# [Task directions]
The line containing "forall q, Rabs" and every line after it through the end of the records: return those exactly, and nothing more.

==========

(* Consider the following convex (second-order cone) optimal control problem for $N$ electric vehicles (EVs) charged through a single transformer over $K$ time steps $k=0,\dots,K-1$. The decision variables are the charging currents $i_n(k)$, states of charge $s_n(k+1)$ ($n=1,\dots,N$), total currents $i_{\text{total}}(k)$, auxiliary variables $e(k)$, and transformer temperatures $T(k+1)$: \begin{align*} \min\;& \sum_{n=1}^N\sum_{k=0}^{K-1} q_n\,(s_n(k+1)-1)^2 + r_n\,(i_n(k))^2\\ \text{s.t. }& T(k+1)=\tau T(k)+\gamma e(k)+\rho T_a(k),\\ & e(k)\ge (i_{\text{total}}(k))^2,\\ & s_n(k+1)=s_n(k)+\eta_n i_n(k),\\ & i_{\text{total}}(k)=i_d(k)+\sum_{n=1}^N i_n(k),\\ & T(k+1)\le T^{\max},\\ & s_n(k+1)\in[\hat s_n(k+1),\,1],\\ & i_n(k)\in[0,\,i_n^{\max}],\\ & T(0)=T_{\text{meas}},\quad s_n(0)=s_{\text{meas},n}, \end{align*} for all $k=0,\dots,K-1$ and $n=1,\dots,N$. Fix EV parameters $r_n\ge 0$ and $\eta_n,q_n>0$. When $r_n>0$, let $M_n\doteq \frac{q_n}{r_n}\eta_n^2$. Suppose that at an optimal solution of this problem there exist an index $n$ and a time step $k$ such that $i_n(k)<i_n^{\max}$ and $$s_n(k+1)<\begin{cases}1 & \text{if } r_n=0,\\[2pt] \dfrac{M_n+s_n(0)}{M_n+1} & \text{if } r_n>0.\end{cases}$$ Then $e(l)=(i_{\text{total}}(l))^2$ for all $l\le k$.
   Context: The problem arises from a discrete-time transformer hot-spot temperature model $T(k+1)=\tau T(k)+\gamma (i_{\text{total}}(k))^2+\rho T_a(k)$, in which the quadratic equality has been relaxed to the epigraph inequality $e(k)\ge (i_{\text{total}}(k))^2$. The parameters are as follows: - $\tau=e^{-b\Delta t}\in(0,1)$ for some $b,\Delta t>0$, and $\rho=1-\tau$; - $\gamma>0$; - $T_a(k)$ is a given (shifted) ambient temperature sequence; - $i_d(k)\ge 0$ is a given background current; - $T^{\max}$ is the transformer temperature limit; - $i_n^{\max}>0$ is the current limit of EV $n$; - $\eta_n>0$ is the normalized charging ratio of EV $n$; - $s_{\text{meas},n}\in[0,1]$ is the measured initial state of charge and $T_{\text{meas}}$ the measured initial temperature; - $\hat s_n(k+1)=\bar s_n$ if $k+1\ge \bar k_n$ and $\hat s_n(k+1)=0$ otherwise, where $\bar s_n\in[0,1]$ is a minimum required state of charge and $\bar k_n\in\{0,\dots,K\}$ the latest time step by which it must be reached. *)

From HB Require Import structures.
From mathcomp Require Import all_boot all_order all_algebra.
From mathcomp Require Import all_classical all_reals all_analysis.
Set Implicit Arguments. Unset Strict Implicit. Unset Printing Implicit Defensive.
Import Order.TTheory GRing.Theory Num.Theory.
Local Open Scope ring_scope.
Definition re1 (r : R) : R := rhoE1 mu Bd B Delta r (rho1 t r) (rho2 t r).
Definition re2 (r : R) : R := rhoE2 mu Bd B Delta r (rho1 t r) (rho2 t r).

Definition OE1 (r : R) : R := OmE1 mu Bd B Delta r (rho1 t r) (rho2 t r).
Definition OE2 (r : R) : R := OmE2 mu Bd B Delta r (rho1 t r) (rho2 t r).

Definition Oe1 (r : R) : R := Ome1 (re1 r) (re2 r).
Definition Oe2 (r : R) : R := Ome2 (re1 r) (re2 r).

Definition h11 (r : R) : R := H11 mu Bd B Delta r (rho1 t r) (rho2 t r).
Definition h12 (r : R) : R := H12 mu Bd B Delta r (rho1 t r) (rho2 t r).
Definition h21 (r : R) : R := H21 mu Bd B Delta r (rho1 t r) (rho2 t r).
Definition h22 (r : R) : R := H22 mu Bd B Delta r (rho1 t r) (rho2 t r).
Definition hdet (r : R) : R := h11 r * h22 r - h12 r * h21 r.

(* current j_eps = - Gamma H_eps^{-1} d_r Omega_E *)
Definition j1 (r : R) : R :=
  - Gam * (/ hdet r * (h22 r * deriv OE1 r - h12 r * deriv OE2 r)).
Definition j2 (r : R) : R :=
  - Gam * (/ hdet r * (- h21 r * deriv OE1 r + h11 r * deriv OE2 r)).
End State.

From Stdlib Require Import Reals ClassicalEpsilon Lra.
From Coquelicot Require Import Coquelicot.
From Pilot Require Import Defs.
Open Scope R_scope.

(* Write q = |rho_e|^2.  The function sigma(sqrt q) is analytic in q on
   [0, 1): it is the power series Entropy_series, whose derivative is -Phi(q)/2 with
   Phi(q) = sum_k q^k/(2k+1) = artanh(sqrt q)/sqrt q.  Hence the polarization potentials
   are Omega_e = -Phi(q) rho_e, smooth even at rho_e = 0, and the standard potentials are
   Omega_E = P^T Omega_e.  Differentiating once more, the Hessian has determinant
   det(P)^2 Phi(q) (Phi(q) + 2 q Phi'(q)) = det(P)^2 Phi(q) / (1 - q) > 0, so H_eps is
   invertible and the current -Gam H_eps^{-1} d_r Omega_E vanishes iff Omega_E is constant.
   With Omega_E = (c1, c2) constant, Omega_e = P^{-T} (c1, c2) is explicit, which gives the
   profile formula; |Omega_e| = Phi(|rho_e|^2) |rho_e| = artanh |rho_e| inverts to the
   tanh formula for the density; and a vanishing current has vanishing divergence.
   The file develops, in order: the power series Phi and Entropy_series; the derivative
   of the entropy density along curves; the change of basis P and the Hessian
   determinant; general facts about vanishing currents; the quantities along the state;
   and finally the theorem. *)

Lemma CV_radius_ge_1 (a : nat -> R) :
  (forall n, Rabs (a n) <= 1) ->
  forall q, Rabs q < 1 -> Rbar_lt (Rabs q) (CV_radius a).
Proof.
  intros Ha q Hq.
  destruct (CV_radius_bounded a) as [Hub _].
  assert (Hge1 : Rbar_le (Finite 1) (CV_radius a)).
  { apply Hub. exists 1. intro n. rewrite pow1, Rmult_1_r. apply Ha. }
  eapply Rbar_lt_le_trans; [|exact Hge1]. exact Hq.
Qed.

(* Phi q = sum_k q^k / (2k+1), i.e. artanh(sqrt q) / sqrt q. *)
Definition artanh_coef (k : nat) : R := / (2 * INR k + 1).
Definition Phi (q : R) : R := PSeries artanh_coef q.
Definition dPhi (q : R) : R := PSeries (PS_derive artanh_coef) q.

==========

# [Exercise solution]
  forall q, Rabs q < 1 -> Rbar_lt (Rabs q) (CV_radius a).
Proof.
  intros Ha q Hq.
  destruct (CV_radius_bounded a) as [Hub _].
  assert (Hge1 : Rbar_le (Finite 1) (CV_radius a)).
  { apply Hub. exists 1. intro n. rewrite pow1, Rmult_1_r. apply Ha. }
  eapply Rbar_lt_le_trans; [|exact Hge1]. exact Hq.
Qed.

(* Phi q = sum_k q^k / (2k+1), i.e. artanh(sqrt q) / sqrt q. *)
Definition artanh_coef (k : nat) : R := / (2 * INR k + 1).
Definition Phi (q : R) : R := PSeries artanh_coef q.
Definition dPhi (q : R) : R := PSeries (PS_derive artanh_coef) q.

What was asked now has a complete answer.